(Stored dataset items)
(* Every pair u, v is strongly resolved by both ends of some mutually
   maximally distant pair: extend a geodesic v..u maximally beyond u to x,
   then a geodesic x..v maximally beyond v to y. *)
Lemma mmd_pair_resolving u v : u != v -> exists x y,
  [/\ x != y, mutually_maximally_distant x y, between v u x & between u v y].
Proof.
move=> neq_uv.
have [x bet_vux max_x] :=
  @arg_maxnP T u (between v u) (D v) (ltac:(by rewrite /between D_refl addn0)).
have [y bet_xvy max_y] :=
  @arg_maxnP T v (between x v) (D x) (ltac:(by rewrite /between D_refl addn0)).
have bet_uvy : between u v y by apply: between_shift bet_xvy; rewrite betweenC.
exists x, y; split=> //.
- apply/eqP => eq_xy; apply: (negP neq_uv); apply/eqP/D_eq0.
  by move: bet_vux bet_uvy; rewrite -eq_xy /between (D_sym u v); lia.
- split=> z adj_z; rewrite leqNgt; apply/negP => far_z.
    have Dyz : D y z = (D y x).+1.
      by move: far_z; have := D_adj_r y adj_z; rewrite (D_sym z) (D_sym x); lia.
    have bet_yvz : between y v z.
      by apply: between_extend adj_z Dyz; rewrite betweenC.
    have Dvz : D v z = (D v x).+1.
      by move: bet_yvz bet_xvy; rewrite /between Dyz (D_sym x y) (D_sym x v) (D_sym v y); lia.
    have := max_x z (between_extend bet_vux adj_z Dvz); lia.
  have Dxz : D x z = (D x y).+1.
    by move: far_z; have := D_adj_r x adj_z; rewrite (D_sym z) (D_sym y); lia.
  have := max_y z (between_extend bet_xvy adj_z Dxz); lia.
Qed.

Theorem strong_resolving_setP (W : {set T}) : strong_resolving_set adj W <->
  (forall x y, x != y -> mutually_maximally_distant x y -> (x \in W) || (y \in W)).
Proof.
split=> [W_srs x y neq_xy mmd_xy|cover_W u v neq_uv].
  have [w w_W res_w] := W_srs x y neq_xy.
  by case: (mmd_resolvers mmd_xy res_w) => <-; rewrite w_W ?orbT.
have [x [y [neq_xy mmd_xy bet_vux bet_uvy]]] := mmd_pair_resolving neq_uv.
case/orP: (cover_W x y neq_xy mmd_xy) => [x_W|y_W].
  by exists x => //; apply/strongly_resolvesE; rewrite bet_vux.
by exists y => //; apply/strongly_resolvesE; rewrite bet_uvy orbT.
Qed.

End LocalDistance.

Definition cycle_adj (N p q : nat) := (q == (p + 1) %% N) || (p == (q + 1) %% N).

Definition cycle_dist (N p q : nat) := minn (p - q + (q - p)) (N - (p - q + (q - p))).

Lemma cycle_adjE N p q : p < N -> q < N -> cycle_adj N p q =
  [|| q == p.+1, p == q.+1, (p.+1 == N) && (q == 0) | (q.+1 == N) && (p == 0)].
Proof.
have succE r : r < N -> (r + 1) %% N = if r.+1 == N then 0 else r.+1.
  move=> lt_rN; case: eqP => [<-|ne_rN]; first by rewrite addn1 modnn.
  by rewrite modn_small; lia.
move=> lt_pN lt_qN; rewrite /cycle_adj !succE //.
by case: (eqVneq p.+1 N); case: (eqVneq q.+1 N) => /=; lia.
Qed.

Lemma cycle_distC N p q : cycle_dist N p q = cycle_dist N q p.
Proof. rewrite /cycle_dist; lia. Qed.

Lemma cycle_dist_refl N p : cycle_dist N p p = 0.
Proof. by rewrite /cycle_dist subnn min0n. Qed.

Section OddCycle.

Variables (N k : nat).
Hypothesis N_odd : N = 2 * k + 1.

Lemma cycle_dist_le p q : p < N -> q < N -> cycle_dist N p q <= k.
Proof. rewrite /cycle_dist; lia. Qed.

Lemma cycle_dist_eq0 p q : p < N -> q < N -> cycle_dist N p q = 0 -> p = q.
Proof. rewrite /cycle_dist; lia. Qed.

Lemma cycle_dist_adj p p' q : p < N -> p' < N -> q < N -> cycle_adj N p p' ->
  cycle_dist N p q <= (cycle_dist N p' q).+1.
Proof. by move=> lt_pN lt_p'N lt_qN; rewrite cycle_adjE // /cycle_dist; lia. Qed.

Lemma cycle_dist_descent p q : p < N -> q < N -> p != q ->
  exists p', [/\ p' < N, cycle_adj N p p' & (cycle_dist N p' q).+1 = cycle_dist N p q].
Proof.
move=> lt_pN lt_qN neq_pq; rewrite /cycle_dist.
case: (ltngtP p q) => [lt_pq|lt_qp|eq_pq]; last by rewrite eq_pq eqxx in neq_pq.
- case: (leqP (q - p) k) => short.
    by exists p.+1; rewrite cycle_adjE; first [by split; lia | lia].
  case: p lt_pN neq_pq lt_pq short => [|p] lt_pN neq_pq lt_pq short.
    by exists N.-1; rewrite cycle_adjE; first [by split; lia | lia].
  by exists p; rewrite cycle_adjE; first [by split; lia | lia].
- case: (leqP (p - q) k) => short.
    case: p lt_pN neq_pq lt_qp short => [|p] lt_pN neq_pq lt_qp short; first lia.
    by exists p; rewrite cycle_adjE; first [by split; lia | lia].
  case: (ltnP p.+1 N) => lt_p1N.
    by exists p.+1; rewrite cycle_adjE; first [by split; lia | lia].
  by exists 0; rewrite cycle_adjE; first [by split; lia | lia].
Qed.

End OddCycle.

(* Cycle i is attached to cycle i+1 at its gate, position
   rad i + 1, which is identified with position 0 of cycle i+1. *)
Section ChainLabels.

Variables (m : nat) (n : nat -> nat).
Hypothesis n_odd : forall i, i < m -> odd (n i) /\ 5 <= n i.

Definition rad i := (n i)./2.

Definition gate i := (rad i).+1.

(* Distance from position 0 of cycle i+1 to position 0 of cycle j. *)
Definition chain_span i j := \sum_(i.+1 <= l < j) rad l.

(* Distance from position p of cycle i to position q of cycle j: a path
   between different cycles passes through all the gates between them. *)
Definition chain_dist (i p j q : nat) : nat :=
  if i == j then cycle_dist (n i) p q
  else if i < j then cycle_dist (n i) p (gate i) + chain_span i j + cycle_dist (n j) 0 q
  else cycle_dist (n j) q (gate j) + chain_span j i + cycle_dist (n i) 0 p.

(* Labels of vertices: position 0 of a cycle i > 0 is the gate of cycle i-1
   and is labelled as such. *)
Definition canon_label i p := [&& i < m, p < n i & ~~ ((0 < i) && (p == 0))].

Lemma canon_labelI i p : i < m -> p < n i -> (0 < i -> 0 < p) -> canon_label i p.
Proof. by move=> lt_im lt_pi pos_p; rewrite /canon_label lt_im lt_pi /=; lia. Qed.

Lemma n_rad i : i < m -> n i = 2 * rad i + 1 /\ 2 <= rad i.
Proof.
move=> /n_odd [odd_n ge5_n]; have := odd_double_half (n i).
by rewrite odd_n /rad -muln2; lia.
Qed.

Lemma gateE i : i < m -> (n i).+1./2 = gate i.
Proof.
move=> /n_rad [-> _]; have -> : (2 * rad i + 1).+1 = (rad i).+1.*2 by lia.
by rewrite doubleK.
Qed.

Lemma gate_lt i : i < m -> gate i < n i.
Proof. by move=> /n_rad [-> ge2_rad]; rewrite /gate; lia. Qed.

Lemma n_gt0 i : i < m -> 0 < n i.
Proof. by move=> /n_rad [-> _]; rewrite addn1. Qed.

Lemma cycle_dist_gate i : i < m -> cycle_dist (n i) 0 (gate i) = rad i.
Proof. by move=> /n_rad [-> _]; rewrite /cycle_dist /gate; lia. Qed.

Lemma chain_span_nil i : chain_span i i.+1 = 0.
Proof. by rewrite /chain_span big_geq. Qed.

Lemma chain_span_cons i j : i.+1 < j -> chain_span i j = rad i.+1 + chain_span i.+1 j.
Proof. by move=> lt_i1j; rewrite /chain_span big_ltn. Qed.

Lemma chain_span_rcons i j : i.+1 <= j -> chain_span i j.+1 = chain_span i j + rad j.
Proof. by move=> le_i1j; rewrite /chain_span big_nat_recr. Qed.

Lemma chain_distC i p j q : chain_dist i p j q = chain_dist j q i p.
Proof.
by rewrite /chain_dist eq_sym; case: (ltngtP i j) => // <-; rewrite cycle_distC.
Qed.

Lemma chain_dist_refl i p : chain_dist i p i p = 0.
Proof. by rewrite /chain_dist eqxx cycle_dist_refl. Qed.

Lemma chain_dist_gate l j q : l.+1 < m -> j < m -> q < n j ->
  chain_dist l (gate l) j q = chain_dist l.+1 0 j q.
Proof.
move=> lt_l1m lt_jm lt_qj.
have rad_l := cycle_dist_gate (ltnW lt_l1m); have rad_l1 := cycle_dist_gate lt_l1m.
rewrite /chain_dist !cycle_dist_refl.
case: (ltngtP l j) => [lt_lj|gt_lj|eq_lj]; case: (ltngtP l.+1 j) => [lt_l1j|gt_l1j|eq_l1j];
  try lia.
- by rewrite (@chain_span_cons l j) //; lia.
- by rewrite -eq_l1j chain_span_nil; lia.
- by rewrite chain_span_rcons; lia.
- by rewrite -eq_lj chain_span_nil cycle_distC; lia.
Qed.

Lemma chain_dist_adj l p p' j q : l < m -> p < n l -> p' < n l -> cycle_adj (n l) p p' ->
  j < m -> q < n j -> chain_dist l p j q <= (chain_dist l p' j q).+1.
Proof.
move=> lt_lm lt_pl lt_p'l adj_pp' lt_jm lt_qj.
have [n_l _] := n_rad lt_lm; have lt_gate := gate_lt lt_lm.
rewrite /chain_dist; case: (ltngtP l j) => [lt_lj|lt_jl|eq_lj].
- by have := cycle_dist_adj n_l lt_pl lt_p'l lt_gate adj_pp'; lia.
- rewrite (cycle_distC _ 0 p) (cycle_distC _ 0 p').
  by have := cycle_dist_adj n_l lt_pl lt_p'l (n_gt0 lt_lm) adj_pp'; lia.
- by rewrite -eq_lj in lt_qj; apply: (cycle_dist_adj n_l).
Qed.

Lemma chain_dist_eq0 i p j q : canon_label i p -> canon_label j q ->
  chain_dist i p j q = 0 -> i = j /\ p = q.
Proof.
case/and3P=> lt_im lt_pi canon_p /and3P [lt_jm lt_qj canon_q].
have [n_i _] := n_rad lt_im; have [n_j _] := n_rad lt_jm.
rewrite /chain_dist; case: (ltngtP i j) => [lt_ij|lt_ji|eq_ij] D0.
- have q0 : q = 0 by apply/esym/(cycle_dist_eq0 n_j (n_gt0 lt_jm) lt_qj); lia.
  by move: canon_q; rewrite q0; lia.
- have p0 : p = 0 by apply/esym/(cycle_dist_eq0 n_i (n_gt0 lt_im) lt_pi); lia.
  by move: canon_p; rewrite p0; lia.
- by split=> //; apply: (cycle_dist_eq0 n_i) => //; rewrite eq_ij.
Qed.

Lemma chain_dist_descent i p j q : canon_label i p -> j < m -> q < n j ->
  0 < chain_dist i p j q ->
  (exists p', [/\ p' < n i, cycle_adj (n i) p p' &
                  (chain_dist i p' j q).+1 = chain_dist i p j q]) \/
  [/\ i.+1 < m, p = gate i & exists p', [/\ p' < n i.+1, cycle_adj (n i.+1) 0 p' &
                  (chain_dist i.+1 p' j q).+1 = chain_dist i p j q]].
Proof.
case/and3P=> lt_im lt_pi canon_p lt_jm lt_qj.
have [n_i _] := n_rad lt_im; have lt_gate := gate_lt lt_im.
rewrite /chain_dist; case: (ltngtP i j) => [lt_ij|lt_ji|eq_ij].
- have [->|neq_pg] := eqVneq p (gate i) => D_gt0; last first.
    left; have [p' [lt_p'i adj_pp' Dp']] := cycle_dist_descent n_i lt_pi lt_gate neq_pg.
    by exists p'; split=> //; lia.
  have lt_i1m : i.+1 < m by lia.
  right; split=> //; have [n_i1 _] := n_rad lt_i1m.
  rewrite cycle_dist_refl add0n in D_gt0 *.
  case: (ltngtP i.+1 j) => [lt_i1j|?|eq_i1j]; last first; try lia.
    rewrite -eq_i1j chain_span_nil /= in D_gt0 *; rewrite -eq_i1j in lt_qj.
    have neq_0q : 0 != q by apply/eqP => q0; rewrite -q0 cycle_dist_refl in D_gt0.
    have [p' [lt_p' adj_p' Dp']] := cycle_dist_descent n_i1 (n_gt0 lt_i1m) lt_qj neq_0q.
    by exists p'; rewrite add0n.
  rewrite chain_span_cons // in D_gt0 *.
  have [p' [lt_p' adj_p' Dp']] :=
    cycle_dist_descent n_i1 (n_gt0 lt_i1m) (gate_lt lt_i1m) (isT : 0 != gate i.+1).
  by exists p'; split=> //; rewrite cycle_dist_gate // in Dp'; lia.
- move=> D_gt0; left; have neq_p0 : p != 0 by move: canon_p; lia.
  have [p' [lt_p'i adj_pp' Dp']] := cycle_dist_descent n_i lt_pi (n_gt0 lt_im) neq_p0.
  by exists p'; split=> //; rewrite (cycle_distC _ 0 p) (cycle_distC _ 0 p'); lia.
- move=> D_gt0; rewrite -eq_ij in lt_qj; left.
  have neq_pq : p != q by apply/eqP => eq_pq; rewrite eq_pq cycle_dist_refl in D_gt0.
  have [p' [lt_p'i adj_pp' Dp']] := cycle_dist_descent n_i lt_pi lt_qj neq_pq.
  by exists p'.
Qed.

==

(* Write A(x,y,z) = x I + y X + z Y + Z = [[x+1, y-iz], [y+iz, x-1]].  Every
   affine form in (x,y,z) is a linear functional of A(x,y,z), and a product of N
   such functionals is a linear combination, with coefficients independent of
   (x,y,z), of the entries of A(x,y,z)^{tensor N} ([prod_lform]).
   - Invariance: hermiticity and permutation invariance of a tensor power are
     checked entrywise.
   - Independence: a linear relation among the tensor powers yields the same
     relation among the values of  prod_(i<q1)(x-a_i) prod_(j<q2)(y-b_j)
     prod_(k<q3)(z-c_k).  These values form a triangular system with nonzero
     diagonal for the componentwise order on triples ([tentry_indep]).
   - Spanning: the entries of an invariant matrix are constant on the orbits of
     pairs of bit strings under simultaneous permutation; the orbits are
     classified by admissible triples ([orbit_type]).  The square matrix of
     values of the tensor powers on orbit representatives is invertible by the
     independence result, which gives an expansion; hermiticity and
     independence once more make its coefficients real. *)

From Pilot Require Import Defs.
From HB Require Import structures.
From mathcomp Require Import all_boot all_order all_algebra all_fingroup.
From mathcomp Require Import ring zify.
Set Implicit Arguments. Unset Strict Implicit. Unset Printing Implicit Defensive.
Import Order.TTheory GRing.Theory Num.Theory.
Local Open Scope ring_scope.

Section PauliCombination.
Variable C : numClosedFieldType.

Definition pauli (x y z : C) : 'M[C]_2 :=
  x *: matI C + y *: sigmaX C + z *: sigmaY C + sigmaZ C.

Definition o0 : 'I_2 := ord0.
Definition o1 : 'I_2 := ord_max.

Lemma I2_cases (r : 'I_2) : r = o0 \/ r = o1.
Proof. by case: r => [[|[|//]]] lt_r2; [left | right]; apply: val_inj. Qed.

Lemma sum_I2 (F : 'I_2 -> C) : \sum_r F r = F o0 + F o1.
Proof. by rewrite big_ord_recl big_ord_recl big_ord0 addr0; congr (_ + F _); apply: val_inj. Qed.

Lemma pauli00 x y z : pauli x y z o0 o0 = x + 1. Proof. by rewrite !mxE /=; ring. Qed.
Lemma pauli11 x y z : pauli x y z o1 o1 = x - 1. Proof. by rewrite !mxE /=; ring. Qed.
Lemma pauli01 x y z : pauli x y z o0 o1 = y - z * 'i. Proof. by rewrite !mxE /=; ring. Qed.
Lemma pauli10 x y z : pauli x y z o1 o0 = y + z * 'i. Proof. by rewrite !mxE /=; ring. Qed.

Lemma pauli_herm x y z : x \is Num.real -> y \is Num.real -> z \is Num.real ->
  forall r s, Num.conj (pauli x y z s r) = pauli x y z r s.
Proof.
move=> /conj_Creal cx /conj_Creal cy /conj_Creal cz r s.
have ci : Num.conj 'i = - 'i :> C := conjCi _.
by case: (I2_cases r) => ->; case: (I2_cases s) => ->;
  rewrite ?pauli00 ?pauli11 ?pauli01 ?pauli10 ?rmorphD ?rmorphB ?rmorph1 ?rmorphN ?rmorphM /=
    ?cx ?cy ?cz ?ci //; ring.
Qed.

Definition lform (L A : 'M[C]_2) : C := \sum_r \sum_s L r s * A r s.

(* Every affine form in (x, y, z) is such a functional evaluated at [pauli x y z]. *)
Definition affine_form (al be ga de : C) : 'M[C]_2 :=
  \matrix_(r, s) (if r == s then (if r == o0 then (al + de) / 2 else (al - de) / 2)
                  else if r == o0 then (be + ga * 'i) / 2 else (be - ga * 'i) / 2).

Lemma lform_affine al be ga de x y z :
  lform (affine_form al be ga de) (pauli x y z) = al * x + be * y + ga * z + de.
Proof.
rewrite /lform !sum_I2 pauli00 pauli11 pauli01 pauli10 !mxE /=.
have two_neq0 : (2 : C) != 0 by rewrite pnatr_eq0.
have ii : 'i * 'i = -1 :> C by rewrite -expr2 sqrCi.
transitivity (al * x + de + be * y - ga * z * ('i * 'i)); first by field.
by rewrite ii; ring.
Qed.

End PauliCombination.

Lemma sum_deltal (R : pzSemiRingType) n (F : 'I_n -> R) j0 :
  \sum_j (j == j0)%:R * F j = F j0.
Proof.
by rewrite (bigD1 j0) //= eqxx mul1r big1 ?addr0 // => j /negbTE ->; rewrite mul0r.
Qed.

* * *

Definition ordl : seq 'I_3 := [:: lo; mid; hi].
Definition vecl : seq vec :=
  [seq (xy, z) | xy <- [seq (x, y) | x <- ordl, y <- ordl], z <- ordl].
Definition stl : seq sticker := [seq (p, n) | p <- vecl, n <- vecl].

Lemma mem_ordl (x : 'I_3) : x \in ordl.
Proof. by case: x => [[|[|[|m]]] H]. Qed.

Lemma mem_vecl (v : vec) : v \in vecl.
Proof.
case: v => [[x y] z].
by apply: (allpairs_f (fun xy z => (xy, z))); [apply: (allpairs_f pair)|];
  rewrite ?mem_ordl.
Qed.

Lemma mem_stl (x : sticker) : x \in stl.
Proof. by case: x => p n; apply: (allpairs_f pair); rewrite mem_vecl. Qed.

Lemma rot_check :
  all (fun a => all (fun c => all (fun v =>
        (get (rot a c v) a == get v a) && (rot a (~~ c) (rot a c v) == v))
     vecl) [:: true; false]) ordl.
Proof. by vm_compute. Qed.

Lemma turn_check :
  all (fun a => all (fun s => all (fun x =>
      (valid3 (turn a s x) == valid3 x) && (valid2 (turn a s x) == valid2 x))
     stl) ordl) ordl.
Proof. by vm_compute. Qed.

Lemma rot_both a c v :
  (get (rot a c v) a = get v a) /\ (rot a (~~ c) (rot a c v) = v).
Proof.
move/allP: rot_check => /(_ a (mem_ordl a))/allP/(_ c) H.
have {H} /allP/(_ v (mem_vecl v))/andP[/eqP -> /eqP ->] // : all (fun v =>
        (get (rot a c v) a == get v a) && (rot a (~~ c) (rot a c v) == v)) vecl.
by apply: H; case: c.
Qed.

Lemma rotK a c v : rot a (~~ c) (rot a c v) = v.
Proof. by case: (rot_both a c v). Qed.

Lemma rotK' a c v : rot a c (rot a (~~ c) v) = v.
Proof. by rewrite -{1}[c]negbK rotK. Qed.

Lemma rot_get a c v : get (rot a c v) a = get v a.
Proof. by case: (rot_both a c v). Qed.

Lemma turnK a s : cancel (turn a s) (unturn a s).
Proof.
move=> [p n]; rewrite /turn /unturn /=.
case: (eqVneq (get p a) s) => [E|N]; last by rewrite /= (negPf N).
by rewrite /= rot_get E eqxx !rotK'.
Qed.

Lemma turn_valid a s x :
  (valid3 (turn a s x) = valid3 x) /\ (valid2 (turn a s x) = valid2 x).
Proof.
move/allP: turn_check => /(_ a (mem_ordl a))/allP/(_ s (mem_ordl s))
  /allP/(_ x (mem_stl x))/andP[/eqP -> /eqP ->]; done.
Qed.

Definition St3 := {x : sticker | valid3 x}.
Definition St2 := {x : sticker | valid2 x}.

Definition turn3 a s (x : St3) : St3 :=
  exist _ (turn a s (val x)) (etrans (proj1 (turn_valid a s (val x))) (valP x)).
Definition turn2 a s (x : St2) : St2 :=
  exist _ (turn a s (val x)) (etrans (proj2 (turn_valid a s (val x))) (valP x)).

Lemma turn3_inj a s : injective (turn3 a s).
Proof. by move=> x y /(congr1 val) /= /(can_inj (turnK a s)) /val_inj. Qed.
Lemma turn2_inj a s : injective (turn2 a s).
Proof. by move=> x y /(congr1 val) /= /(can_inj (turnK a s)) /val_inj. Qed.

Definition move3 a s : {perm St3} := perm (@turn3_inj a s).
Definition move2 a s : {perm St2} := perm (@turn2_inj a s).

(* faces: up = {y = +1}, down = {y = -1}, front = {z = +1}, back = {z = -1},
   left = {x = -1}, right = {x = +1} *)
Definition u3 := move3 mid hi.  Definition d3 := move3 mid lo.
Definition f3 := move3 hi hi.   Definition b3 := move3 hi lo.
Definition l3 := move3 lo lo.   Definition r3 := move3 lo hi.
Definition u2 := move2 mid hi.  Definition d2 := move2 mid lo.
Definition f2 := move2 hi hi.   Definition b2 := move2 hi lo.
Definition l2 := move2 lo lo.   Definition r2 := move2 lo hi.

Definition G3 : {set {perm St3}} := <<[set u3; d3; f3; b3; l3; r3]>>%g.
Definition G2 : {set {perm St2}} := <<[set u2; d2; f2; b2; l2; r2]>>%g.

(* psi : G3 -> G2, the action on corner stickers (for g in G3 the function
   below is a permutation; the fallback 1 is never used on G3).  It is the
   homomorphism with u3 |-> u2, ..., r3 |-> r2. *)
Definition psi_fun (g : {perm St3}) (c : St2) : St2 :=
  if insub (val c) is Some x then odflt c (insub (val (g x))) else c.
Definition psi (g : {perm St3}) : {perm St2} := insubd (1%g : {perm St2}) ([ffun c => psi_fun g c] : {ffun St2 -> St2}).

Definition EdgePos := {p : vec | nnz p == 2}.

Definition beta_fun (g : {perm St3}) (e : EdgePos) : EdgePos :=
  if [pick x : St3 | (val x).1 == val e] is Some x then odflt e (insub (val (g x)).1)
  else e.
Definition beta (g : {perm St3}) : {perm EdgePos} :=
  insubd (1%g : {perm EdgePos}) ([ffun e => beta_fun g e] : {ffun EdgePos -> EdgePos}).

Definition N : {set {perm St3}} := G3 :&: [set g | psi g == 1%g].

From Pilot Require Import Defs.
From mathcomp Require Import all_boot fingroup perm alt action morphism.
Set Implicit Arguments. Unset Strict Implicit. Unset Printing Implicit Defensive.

## Problem details
Transcribe the lines above between the line holding "(* Every pair" and the line holding "End LocalDistance.", inclusive, exactly as they stand and with nothing added.

## Task output
(* Every pair u, v is strongly resolved by both ends of some mutually
   maximally distant pair: extend a geodesic v..u maximally beyond u to x,
   then a geodesic x..v maximally beyond v to y. *)
Lemma mmd_pair_resolving u v : u != v -> exists x y,
  [/\ x != y, mutually_maximally_distant x y, between v u x & between u v y].
Proof.
move=> neq_uv.
have [x bet_vux max_x] :=
  @arg_maxnP T u (between v u) (D v) (ltac:(by rewrite /between D_refl addn0)).
have [y bet_xvy max_y] :=
  @arg_maxnP T v (between x v) (D x) (ltac:(by rewrite /between D_refl addn0)).
have bet_uvy : between u v y by apply: between_shift bet_xvy; rewrite betweenC.
exists x, y; split=> //.
- apply/eqP => eq_xy; apply: (negP neq_uv); apply/eqP/D_eq0.
  by move: bet_vux bet_uvy; rewrite -eq_xy /between (D_sym u v); lia.
- split=> z adj_z; rewrite leqNgt; apply/negP => far_z.
    have Dyz : D y z = (D y x).+1.
      by move: far_z; have := D_adj_r y adj_z; rewrite (D_sym z) (D_sym x); lia.
    have bet_yvz : between y v z.
      by apply: between_extend adj_z Dyz; rewrite betweenC.
    have Dvz : D v z = (D v x).+1.
      by move: bet_yvz bet_xvy; rewrite /between Dyz (D_sym x y) (D_sym x v) (D_sym v y); lia.
    have := max_x z (between_extend bet_vux adj_z Dvz); lia.
  have Dxz : D x z = (D x y).+1.
    by move: far_z; have := D_adj_r x adj_z; rewrite (D_sym z) (D_sym y); lia.
  have := max_y z (between_extend bet_xvy adj_z Dxz); lia.
Qed.

Theorem strong_resolving_setP (W : {set T}) : strong_resolving_set adj W <->
  (forall x y, x != y -> mutually_maximally_distant x y -> (x \in W) || (y \in W)).
Proof.
split=> [W_srs x y neq_xy mmd_xy|cover_W u v neq_uv].
  have [w w_W res_w] := W_srs x y neq_xy.
  by case: (mmd_resolvers mmd_xy res_w) => <-; rewrite w_W ?orbT.
have [x [y [neq_xy mmd_xy bet_vux bet_uvy]]] := mmd_pair_resolving neq_uv.
case/orP: (cover_W x y neq_xy mmd_xy) => [x_W|y_W].
  by exists x => //; apply/strongly_resolvesE; rewrite bet_vux.
by exists y => //; apply/strongly_resolvesE; rewrite bet_uvy orbT.
Qed.

End LocalDistance.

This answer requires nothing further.